(* Let $p$ be an odd prime, $n\ge2$, and $m_1,\dots,m_n$ integers with $1\le m_i\le p-1$. Let $\Phi=\left(\prod_{i=1}^n(s_i+1)^{m_i}-1\right)^p\in\mathbb Z[s_1,\dots,s_n]$, and for $0\le j_1,\dots,j_n\le p-1$ let $C_{j_1\cdots j_n}$ be the coefficient of $s_1^{j_1}\cdots s_n^{j_n}$ in $\Phi$ (equivalently in the image of $\Phi$ in $\mathbb Z[s_1,\dots,s_n]/(s_1^p,\dots,s_n^p)$). Then $$p^2\ \Big|\ \sum_{j_1=1}^{p-1}\cdots\sum_{j_n=1}^{p-1}(-1)^{j_1+\cdots+j_n}C_{j_1\cdots j_n}.$$ *)

From HB Require Import structures.
From mathcomp Require Import all_boot all_order all_algebra.
Set Implicit Arguments. Unset Strict Implicit. Unset Printing Implicit Defensive.
Import Order.TTheory GRing.Theory Num.Theory.
Local Open Scope ring_scope.

(* Truncated multivariate polynomial ring Z[s_1..s_n]/(s_1^p,...,s_n^p),
   represented by coefficient functions on exponent vectors.  Only the
   coefficients at exponents e with all e_i <= p-1 are meaningful; all
   operations below compute those coefficients exactly. *)
Definition mexp (n : nat) := {ffun 'I_n -> nat}.
Definition tpoly (n : nat) := mexp n -> int.

Definition tone (n : nat) : tpoly n := fun e => (([forall k, e k == 0%N]) : int).
Definition tvar (n : nat) (i : 'I_n) : tpoly n :=
  fun e => (([forall k, e k == (k == i) :> nat]) : int).
Definition tadd n (f g : tpoly n) : tpoly n := fun e => f e + g e.
Definition tsub n (f g : tpoly n) : tpoly n := fun e => f e - g e.

Definition tmul (p n : nat) (f g : tpoly n) : tpoly n := fun e =>
  \sum_(d : {ffun 'I_n -> 'I_p} | [forall k, (d k <= e k)%N])
     f [ffun k => nat_of_ord (d k)] * g [ffun k => (e k - d k)%N].

Definition tpow (p n : nat) (f : tpoly n) (k : nat) : tpoly n :=
  iter k (@tmul p n f) (@tone n).

Definition Phi (p n : nat) (m : 'I_n -> nat) : tpoly n :=
  tpow p (tsub (\big[@tmul p n/@tone n]_(i < n) tpow p (tadd (tvar i) (@tone n)) (m i))
               (@tone n)) p.

Definition Ccoef (p n : nat) (m : 'I_n -> nat) (j : {ffun 'I_n -> 'I_p}) : int :=
  Phi p m [ffun k => nat_of_ord (j k)].

From HB Require Import structures.
From mathcomp Require Import all_boot all_order all_algebra.
From mathcomp Require Import ring.
Import Order.TTheory GRing.Theory Num.Theory.
Set Implicit Arguments. Unset Strict Implicit. Unset Printing Implicit Defensive.
Local Open Scope ring_scope.

(* Proof outline.
   1. On exponent vectors with all entries below p, truncated multiplication
      agrees with ordinary multiplication of power series.  The "binomial
      monomial" B_a = prod_k (1 + s_k)^(a_k), whose coefficient at e is
      prod_k C(a_k, e_k), satisfies B_a B_b = B_(a+b) there (Vandermonde).
      Hence, with X = prod_i (1 + s_i)^(m_i) = B_m, we get
      Phi = (X - 1)^p = sum_t c_p(t) B_(t m), where c_q(t) = C(q,t) (-1)^(q-t)
      are the coefficients of (Y - 1)^q.
   2. The alternating sum over j with all 0 < j_i < p then factors as
      S = sum_t c_p(t) prod_k A(t m_k),  A(N) = sum_(0<x<p) (-1)^x C(N, x).
   3. Arithmetic of A: A(0) = 0, p | A(p M), and A(N) = C(N-1, p-1) - 1 is
      congruent to -1 mod p when p does not divide N > 0.  Since
      sum_t c_p(t) = 0 we may subtract (-1)^n from each product: the terms
      t = 0 and t = p then add up to prod_k A(p m_k), a product of n >= 2
      multiples of p, and for 0 < t < p both p | c_p(t) and
      p | prod_k A(t m_k) - (-1)^n. *)

Lemma forall_indicator (T : finType) (P : pred T) :
  (([forall k, P k]) : int) = \prod_k ((P k) : int).
Proof.
case: (boolP [forall k, P k]) => [/forallP H | /forallPn [k Hk]].
  by rewrite big1 // => k _; rewrite H.
by rewrite (bigD1 k) //= (negbTE Hk) mul0r.
Qed.

Lemma vandermonde_ord (p a b e : nat) : (e < p)%N ->
  (\sum_(x < p | (x <= e)%N) 'C(a, x) * 'C(b, e - x))%N = 'C(a + b, e).
Proof.
move=> he; rewrite -binomial.Vandermonde.
rewrite (big_ord_widen p (fun x => 'C(a, x) * 'C(b, e - x))%N he).
by apply: eq_bigl => x; rewrite ltnS.
Qed.

Section TruncatedProducts.
Variables p n : nat.

Definition agree (f g : tpoly n) := forall e : mexp n, (forall k, e k < p)%N -> f e = g e.

Lemma agree_mul (f f' g g' : tpoly n) :
  agree f f' -> agree g g' -> agree (tmul p f g) (tmul p f' g').
Proof.
move=> Hf Hg e He; apply: eq_bigr => d /forallP Hd.
rewrite Hf ?Hg // => k; rewrite ffunE //.
by apply: leq_ltn_trans (He k); apply: leq_subr.
Qed.

Lemma agree_pow (f g : tpoly n) k : agree f g -> agree (tpow p f k) (tpow p g k).
Proof. by move=> H; elim: k => [|k IH] //=; apply: agree_mul. Qed.

Lemma tmulBl (f g h : tpoly n) e : tmul p (tsub f g) h e = tmul p f h e - tmul p g h e.
Proof. by rewrite /tmul -sumrB; apply: eq_bigr => d _; rewrite /tsub mulrBl. Qed.

Lemma tmul_combr (f : tpoly n) K (c : 'I_K -> int) (g : 'I_K -> tpoly n) e :
  tmul p f (fun e => \sum_(t < K) c t * g t e) e = \sum_(t < K) c t * tmul p f (g t) e.
Proof.
rewrite /tmul; under eq_bigr do rewrite mulr_sumr.
rewrite exchange_big; apply: eq_bigr => t _; rewrite mulr_sumr.
by apply: eq_bigr => d _; rewrite mulrCA.
Qed.

(* The binomial monomial prod_k (1 + s_k)^(a k). *)
Definition binmono (a : 'I_n -> nat) : tpoly n := fun e => \prod_k ('C(a k, e k))%:Z.

Lemma binmono_eq (a b : 'I_n -> nat) : a =1 b -> binmono a =1 binmono b.
Proof. by move=> H e; apply: eq_bigr => k _; rewrite H. Qed.

Lemma tone_binmono : @tone n =1 binmono (fun _ => 0%N).
Proof. by move=> e; rewrite /tone forall_indicator; apply: eq_bigr => k _; rewrite bin0n. Qed.

Lemma tvar_binmono i : tadd (tvar i) (@tone n) =1 binmono (fun k => nat_of_bool (k == i)).
Proof.
move=> e; rewrite /tadd /tvar /tone /binmono !forall_indicator.
rewrite (bigD1 i) //= [X in _ + X](bigD1 i) //= [X in _ = X](bigD1 i) //= eqxx.
have Evar : \prod_(k < n | k != i) ((e k == (k == i) :> nat) : int)
          = \prod_(k < n | k != i) ((e k == 0%N) : int).
  by apply: eq_bigr => k /negbTE ->.
have Ebin : \prod_(k < n | k != i) ('C((k == i), e k))%:Z
          = \prod_(k < n | k != i) ((e k == 0%N) : int).
  by apply: eq_bigr => k /negbTE ->; rewrite bin0n.
by rewrite Evar Ebin -mulrDl; congr (_ * _); case: (e i) => [|[|x]].
Qed.

Lemma binmono_mul (a b : 'I_n -> nat) :
  agree (tmul p (binmono a) (binmono b)) (binmono (fun k => a k + b k)%N).
Proof.
move=> e He; rewrite /tmul /binmono.
transitivity (\prod_k \sum_(x < p | (x <= e k)%N) (('C(a k, x))%:Z * ('C(b k, e k - x))%:Z)).
  rewrite bigA_distr_big_dep; apply: eq_big => [d|d _].
    by apply/forallP/familyP => H k; have := H k.
  by rewrite -big_split /=; apply: eq_bigr => k _; rewrite !ffunE.
apply: eq_bigr => k _; rewrite -(vandermonde_ord _ _ (He k)).
by rewrite (big_morph Posz PoszD (erefl _)); apply: eq_bigr => x _; rewrite PoszM.
Qed.

Lemma binmono_pow (a : 'I_n -> nat) k :
  agree (tpow p (binmono a) k) (binmono (fun i => k * a i)%N).
Proof.
elim: k => [|k IH] e He /=.
  by rewrite tone_binmono; apply: binmono_eq => i; rewrite mul0n.
by rewrite (agree_mul (fun _ _ => erefl) IH) // binmono_mul.
Qed.

Lemma binmono_prod (I : Type) (r : seq I) (F : I -> tpoly n) (a : I -> 'I_n -> nat) :
  (forall i, agree (F i) (binmono (a i))) ->
  agree (\big[@tmul p n/@tone n]_(i <- r) F i) (binmono (fun k => \sum_(i <- r) a i k)%N).
Proof.
move=> HF; elim: r => [|i r IH] e He.
  by rewrite big_nil tone_binmono; apply: binmono_eq => k; rewrite big_nil.
rewrite big_cons (agree_mul (HF i) IH) // binmono_mul //.
by apply: binmono_eq => k; rewrite big_cons.
Qed.

End TruncatedProducts.

(* c_q(t) = C(q, t) (-1)^(q - t), the coefficient of Y^t in (Y - 1)^q. *)
Definition sub1coef (q t : nat) : int := ('C(q, t))%:Z * (-1) ^+ (q - t).

(* Pascal's rule for the c_q(t), i.e. (Y - 1)^(q+1) = Y (Y - 1)^q - (Y - 1)^q. *)
Lemma sub1coef0S q : sub1coef q.+1 0 = - sub1coef q 0.
Proof. by rewrite /sub1coef !bin0 !subn0 exprS !mul1r mulN1r. Qed.

Lemma sub1coefSS q t : sub1coef q.+1 t.+1 = sub1coef q t - sub1coef q t.+1.
Proof.
rewrite /sub1coef subSS binS PoszD addrC mulrDl; congr (_ + _).
have [ltq | geq] := ltnP t q; last by rewrite bin_small ?ltnS // mul0r mul0r oppr0.
by rewrite -(subnSK ltq) exprS mulN1r mulrN.
Qed.

(* Multiplying by Y - 1: the coefficients of (Y-1)^(q+1) from those of (Y-1)^q. *)
Lemma sub1coef_shift (b : nat -> int) q :
  \sum_(t < q.+1) sub1coef q t * b t.+1 - \sum_(t < q.+1) sub1coef q t * b t
  = \sum_(t < q.+2) sub1coef q.+1 t * b t.
Proof.
have top0 : sub1coef q q.+1 = 0 by rewrite /sub1coef bin_small // mul0r.
rewrite [RHS]big_ord_recl [X in _ - X]big_ord_recl sub1coef0S /=.
under [X in _ = _ + X]eq_bigr do rewrite sub1coefSS mulrBl.
rewrite sumrB [X in _ = _ + (_ - X)]big_ord_recr /= top0 mul0r addr0.
set S0 := \sum_(i < q) _; ring.
Qed.

Lemma sum_sub1coef q : (0 < q)%N -> \sum_(t < q.+1) sub1coef q t = 0.
Proof.
move=> q0; have := exprDn (-1 : int) 1 q; rewrite addNr expr0n eqn0Ngt q0 /= => E.
by rewrite [RHS]E; apply: eq_bigr => t _; rewrite expr1n mulr1 /sub1coef -mulr_natr natz mulrC.
Qed.

Lemma sub1coef_dvd p t : prime p -> (0 < t < p)%N -> (p%:Z %| sub1coef p t)%Z.
Proof. by move=> pr ht; apply: dvdz_mulr; rewrite dvdzE /=; apply: prime_dvd_bin. Qed.

Lemma sub1coef_sum_shiftB q (F : nat -> int) z : (0 < q)%N ->
  \sum_(t < q.+1) sub1coef q t * F t = \sum_(t < q.+1) sub1coef q t * (F t - z).
Proof.
move=> q0; under [RHS]eq_bigr do rewrite mulrBr.
by rewrite sumrB -mulr_suml sum_sub1coef // mul0r subr0.
Qed.

Lemma sub1_pow_expansion p n (X : tpoly n) (a : 'I_n -> nat) q :
  agree p X (binmono a) ->
  agree p (tpow p (tsub X (@tone n)) q)
    (fun e => \sum_(t < q.+1) sub1coef q t * binmono (fun k => t * a k)%N e).
Proof.
move=> HX; have HX1 : agree p (tsub X (@tone n)) (tsub (binmono a) (binmono (fun _ => 0%N))).
  by move=> e He; rewrite /tsub HX // tone_binmono.
elim: q => [|q IH] e He /=.
  rewrite big_ord1 /sub1coef mul1r tone_binmono.
  by apply: binmono_eq => k; rewrite mul0n.
rewrite (agree_mul HX1 IH) // tmulBl !tmul_combr.
rewrite -(sub1coef_shift (fun t => binmono (fun k => t * a k)%N e)).
by congr (_ - _); apply: eq_bigr => t _; rewrite binmono_mul.
Qed.

Lemma Phi_expansion p n (m : 'I_n -> nat) :
  agree p (Phi p m) (fun e => \sum_(t < p.+1) sub1coef p t * binmono (fun k => t * m k)%N e).
Proof.
apply: sub1_pow_expansion.
have Hfactor i : agree p (tpow p (tadd (tvar i) (@tone n)) (m i))
                         (binmono (fun k => m i * (k == i))%N).
  move=> e He; rewrite (agree_pow _ (g := binmono (fun k => nat_of_bool (k == i)))) //.
    by rewrite binmono_pow.
  by move=> e' _; rewrite tvar_binmono.
move=> e He; rewrite (binmono_prod _ Hfactor) //; apply: binmono_eq => k.
rewrite (bigD1 k) //= eqxx muln1 big1 ?addn0 // => i /negbTE.
by rewrite eq_sym => ->; rewrite muln0.
Qed.

Definition altbin (p N : nat) : int := \sum_(x < p | (0 < x)%N) (-1) ^+ x * ('C(N, x))%:Z.

Lemma alt_coef_sum_factor (p n : nat) (m : 'I_n -> nat) :
  \sum_(j : {ffun 'I_n -> 'I_p} | [forall i, (0 < j i)%N])
        (-1) ^+ (\sum_(i < n) nat_of_ord (j i))%N * Ccoef m j
  = \sum_(t < p.+1) sub1coef p t * \prod_(k < n) altbin p (t * m k).
Proof.
have Ecoef (j : {ffun 'I_n -> 'I_p}) : Ccoef m j =
    \sum_(t < p.+1) sub1coef p t * \prod_k ('C(t * m k, j k))%:Z.
  rewrite /Ccoef Phi_expansion; last by move=> k; rewrite ffunE.
  by apply: eq_bigr => t _; congr (_ * _); apply: eq_bigr => k _; rewrite ffunE.
under eq_bigr do rewrite Ecoef mulr_sumr.
rewrite exchange_big; apply: eq_bigr => t _.
rewrite /altbin bigA_distr_big mulr_sumr.
apply: eq_big => [j|j _].
  by apply/forallP/ffun_onP => H k; have := H k.
rewrite (big_morph (fun k => (-1) ^+ k : int) (@exprD _ _) (expr0 _)).
by rewrite mulrCA -big_split.
Qed.

Lemma altbin0 p : altbin p 0 = 0.
Proof. by rewrite /altbin big1 // => x /lt0n_neq0 /negbTE H; rewrite bin0n H mulr0. Qed.

(* Partial alternating sums of a row of Pascal's triangle telescope. *)
Lemma alt_partial_sum M r :
  \sum_(x < r.+1) (-1) ^+ x * ('C(M.+1, x))%:Z = (-1) ^+ r * ('C(M, r))%:Z.
Proof.
elim: r => [|r IH]; first by rewrite big_ord1 !bin0.
by rewrite big_ord_recr /= IH binS PoszD exprS; ring.
Qed.

(* Closed form of A(M+1) for odd p, from the telescoping sum at r = p - 1. *)
Lemma altbin_closed p M : odd p -> altbin p M.+1 = ('C(M, p.-1))%:Z - 1.
Proof.
move=> hp; have p0 : (0 < p)%N by case: p hp.
have := alt_partial_sum M p.-1; rewrite prednK // (bigD1 (Ordinal p0)) //= => E.
have even_pred : ~~ odd p.-1 by case: p hp {E p0} => //= p' ->.
rewrite -[(-1) ^+ p.-1]signr_odd (negbTE even_pred) expr0 !mul1r in E.
rewrite -E bin0 addrC addrK.
by apply: eq_bigl => x; rewrite lt0n.
Qed.

Lemma altbin_unit p N : prime p -> odd p -> (0 < N)%N -> ~~ (p %| N)%N ->
  (p%:Z %| altbin p N + 1)%Z.
Proof.
move=> pr hp; case: N => // M _ ndvd.
rewrite altbin_closed // subrK dvdzE /=.
have E := mul_bin_diag M.+1 p.-1; rewrite prednK ?prime_gt0 // in E.
have : (p %| M.+1 * 'C(M, p.-1))%N by rewrite /= E dvdn_mulr.
by rewrite Euclid_dvdM // (negbTE ndvd).
Qed.

Lemma altbin_pmul p M : prime p -> (p%:Z %| altbin p (p * M))%Z.
Proof.
move=> pr; apply: rpred_sum => x x0; apply: dvdz_mull; rewrite dvdzE /=.
have E := mul_bin_diag (p * M) x.-1; rewrite prednK // in E.
have : (p %| x * 'C(p * M, x))%N by rewrite -E dvdn_mulr // dvdn_mulr.
by rewrite Euclid_dvdM // gtnNdvd.
Qed.

Lemma dvdz_prod_sq (P : int) n (F : 'I_n -> int) : (1 < n)%N ->
  (forall k, (P %| F k)%Z) -> (P * P %| \prod_k F k)%Z.
Proof.
case: n F => [|[|n]] F //= _ H.
rewrite big_ord_recl big_ord_recl mulrA; apply: dvdz_mulr; exact: dvdz_mul.
Qed.

Lemma dvdz_prodB (P : int) n (F G : 'I_n -> int) : (forall k, (P %| F k - G k)%Z) ->
  (P %| \prod_k F k - \prod_k G k)%Z.
Proof.
move=> H; apply: (big_ind2 (fun x y => (P %| x - y)%Z)) => // x1 x2 y1 y2 h1 h2.
have -> : x1 * y1 - x2 * y2 = x1 * (y1 - y2) + (x1 - x2) * y2 by ring.
by apply: rpredD; [apply: dvdz_mull | apply: dvdz_mulr].
Qed.

Lemma prod_altbin_sign p n (N : 'I_n -> nat) : prime p -> odd p ->
  (forall k, (0 < N k)%N /\ ~~ (p %| N k)%N) ->
  (p%:Z %| \prod_k altbin p (N k) - (-1) ^+ n)%Z.
Proof.
move=> pr hp HN; rewrite -[n in (-1) ^+ n]card_ord -prodr_const.
by apply: dvdz_prodB => k; rewrite opprK; case: (HN k) => N0 Np; apply: altbin_unit.
Qed.

Lemma ord_interior q (t : 'I_q.+1) : t != ord0 -> t != ord_max -> (0 < t < q)%N.
Proof.
by rewrite -!val_eqE /= lt0n ltn_neqAle -ltnS ltn_ord andbT => -> ->.
Qed.

Lemma interior_term_dvd p n (m : 'I_n -> nat) t :
  prime p -> odd p -> (0 < t < p)%N -> (forall i, (1 <= m i <= p.-1)%N) ->
  (p%:Z * p%:Z %| sub1coef p t * (\prod_k altbin p (t * m k) - (-1) ^+ n))%Z.
Proof.
move=> pr hp t_inner hm; have /andP [t_gt0 t_ltp] := t_inner.
apply: dvdz_mul; first exact: sub1coef_dvd.
apply: prod_altbin_sign => // k; have /andP [mk_gt0 mk_le] := hm k.
have mk_ltp : (m k < p)%N by rewrite (leq_ltn_trans mk_le) // ltn_predL prime_gt0.
by rewrite muln_gt0 t_gt0 mk_gt0 Euclid_dvdM // !gtnNdvd.
Qed.

Theorem lemma5p1 (p n : nat) (m : 'I_n -> nat)
  (hp : prime p) (hodd : odd p) (hn : (2 <= n)%N)
  (hm : forall i, (1 <= m i <= p.-1)%N) :
  ((p ^ 2)%N%:Z %|
     \sum_(j : {ffun 'I_n -> 'I_p} | [forall i, (0 < j i)%N])
        (-1) ^+ (\sum_(i < n) nat_of_ord (j i))%N * Ccoef m j)%Z.
Proof.
have p0 : (0 < p)%N := prime_gt0 hp.
have n0 : (0 < n)%N by apply: leq_trans hn.
set P := fun t : nat => \prod_(k < n) altbin p (t * m k).
rewrite alt_coef_sum_factor (sub1coef_sum_shiftB P ((-1) ^+ n) p0) -mulnn PoszM.
have max_neq0 : (ord_max : 'I_p.+1) != ord0 by rewrite -val_eqE /= -lt0n.
rewrite (bigD1 ord0) //= (bigD1 ord_max max_neq0) /= addrA.
(* The endpoint terms t = 0 and t = p add up to P p, as P 0 = 0. *)
have -> : sub1coef p 0 * (P 0%N - (-1) ^+ n) + sub1coef p p * (P p - (-1) ^+ n) = P p.
  have P0 : P 0%N = 0 by rewrite /P (bigD1 (Ordinal n0)) //= mul0n altbin0 mul0r.
  rewrite P0 /sub1coef bin0 binn subn0 subnn -signr_odd hodd; ring.
apply: rpredD; first by apply: dvdz_prod_sq => // k; apply: altbin_pmul.
apply: rpred_sum => t /andP [t0 tp].
exact: interior_term_dvd (ord_interior t0 tp) hm.
Qed.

**WHAT YOU WILL DO**
An exact copy of the lines above, from the one containing "by apply: leq_ltn_trans" through the one containing "by apply: eq_bigr => k /negbTE ->.", is the whole of the answer.

**RESULT OF THE TASK**
by apply: leq_ltn_trans (He k); apply: leq_subr.
Qed.

Lemma agree_pow (f g : tpoly n) k : agree f g -> agree (tpow p f k) (tpow p g k).
Proof. by move=> H; elim: k => [|k IH] //=; apply: agree_mul. Qed.

Lemma tmulBl (f g h : tpoly n) e : tmul p (tsub f g) h e = tmul p f h e - tmul p g h e.
Proof. by rewrite /tmul -sumrB; apply: eq_bigr => d _; rewrite /tsub mulrBl. Qed.

Lemma tmul_combr (f : tpoly n) K (c : 'I_K -> int) (g : 'I_K -> tpoly n) e :
  tmul p f (fun e => \sum_(t < K) c t * g t e) e = \sum_(t < K) c t * tmul p f (g t) e.
Proof.
rewrite /tmul; under eq_bigr do rewrite mulr_sumr.
rewrite exchange_big; apply: eq_bigr => t _; rewrite mulr_sumr.
by apply: eq_bigr => d _; rewrite mulrCA.
Qed.

(* The binomial monomial prod_k (1 + s_k)^(a k). *)
Definition binmono (a : 'I_n -> nat) : tpoly n := fun e => \prod_k ('C(a k, e k))%:Z.

Lemma binmono_eq (a b : 'I_n -> nat) : a =1 b -> binmono a =1 binmono b.
Proof. by move=> H e; apply: eq_bigr => k _; rewrite H. Qed.

Lemma tone_binmono : @tone n =1 binmono (fun _ => 0%N).
Proof. by move=> e; rewrite /tone forall_indicator; apply: eq_bigr => k _; rewrite bin0n. Qed.

Lemma tvar_binmono i : tadd (tvar i) (@tone n) =1 binmono (fun k => nat_of_bool (k == i)).
Proof.
move=> e; rewrite /tadd /tvar /tone /binmono !forall_indicator.
rewrite (bigD1 i) //= [X in _ + X](bigD1 i) //= [X in _ = X](bigD1 i) //= eqxx.
have Evar : \prod_(k < n | k != i) ((e k == (k == i) :> nat) : int)
          = \prod_(k < n | k != i) ((e k == 0%N) : int).
  by apply: eq_bigr => k /negbTE ->.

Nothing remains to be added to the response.